Speaker
Description
With new radioactive-ion-beam facilities such as FRIB becoming operational, the properties of nuclei in close proximity to the driplines are coming within reach of high-precision measurements. Within the last year, at a fraction of FRIB’s ultimate beam intensity, we used the LEBIT facility [1] to successfully perform Penning-trap mass measurements of 101Sn, 103Sn [2], 23Si, and 22Al [3]. These masses are critical for nuclear astrophysics and nuclear structure studies, providing insights into the smoothness of the mass surface, and determining the level ordering and isospin symmetry breaking effects. As FRIB ramps up its beam intensity, the production of many more nuclei will enable new and exceptional research opportunities. However, the short half-lives of many of these nuclei pose challenges for Penning-trap mass spectrometry. To overcome these limitations, we are developing a next-generation MR-ToF device at FRIB based on the work in [4].

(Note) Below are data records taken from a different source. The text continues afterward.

(* Let $a_c>b_c>0$, $k_e>0$, $a_e^2=a_c^2+k_e$, $b_e^2=b_c^2+k_e$, let $c$ be the ellipse $x^2/a_c^2+y^2/b_c^2=1$ and $e$ the ellipse $x^2/a_e^2+y^2/b_e^2=1$, with center $O$. Let $P_1P_2\dots P_N$ be an $N$-sided periodic billiard in $e$ with caustic $c$ and turning number $\tau$, and let $P_1'P_2'\dots P_N'$ be its conjugate billiard; indices are taken modulo $N$. Then: (i) If $N$ is even and $\tau$ is odd, the billiard is centrally symmetric with respect to $O$ (namely $P_{i+N/2}$ is the reflection of $P_i$ in $O$). (ii) If $N=2n+1$ is odd and $\tau$ is odd, the billiard is centrally symmetric with respect to $O$ to its conjugate billiard, with $P_i$ corresponding to $P'_{i+n}$, i.e. $P'_{i+n}=-P_i$ for all $i$. (iii) If $N=2n+1$ is odd and $\tau$ is even, the conjugate billiard coincides with the original one, and $P_i=P'_{i+n}$ for all $i$.
   Context: A billiard in $e$ with caustic $c$ is a sequence $(P_i)_{i\in\mathbb Z}$ of points of $e$ with $P_{i+1}\neq P_i$ such that every line $[P_i,P_{i+1}]$ is tangent to $c$ and $[P_{i-1},P_i]\neq[P_i,P_{i+1}]$; it is $N$-sided periodic if $P_{i+N}=P_i$ for all $i$, $N$ being the least such positive integer. The vertices are traversed counterclockwise. Let $Q_i$ be the contact point of $[P_i,P_{i+1}]$ with $c$. With $\alpha(x,y)=(\frac{a_e}{a_c}x,\frac{b_e}{b_c}y)$ (so $\alpha(c)=e$), the conjugate billiard is the billiard in $e$ with caustic $c$ with vertices $P_i'=\alpha(Q_i)$. The signed exterior angle $\theta_i$ at $P_i$ is the signed angle from the direction of $P_{i-1}P_i$ to the direction of $P_iP_{i+1}$; for a periodic billiard $\sum_{i=1}^N\theta_i=2\tau\pi$ with $\tau\in\mathbb N$, called the turning number (the number of loops around $O$). *)

From Stdlib Require Import Reals Lra ZArith.
Open Scope R_scope.

Definition pt := (R * R)%type.

Definition padd (A B : pt) : pt := (fst A + fst B, snd A + snd B).
Definition psub (A B : pt) : pt := (fst A - fst B, snd A - snd B).
Definition popp (A : pt) : pt := (- fst A, - snd A).
Definition pscale (t : R) (A : pt) : pt := (t * fst A, t * snd A).
Definition dot (u v : pt) : R := fst u * fst v + snd u * snd v.
Definition cross (u v : pt) : R := fst u * snd v - snd u * fst v.
Definition pnorm (u : pt) : R := sqrt (dot u u).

In this contribution, I will discuss the mass measurements of 101,103Sn, and 23Si and their significance for nuclear physics, along with an overview of the ongoing development of a next-generation MR-ToF device that will expand the mass measurement and separation capabilities of FRIB.
[1] R. Ringle, S. Schwarz and G. Bollen, Penning trap mass spectrometry of rare isotopes produced via projectile fragmentation at the LEBIT facility, IJMS 349-350, 87 (2013).
[2] C.M. Ireland, F.M. Maier et al., High-Precision mass measurements of 103Sn restores smoothness of the mass surface, PRC 111, 014314 (2025).
[3] S.E. Campbell et al., Precision Mass Measurement of the Proton Dripline Halo Candidate 22Al, PRL 131, 152501 (2024).
[4] F.M. Maier et al., Increased beam energy as a pathway towards a highly selective and high-flux MR-ToF mass separator, NIMA 1056, 168545 (2023).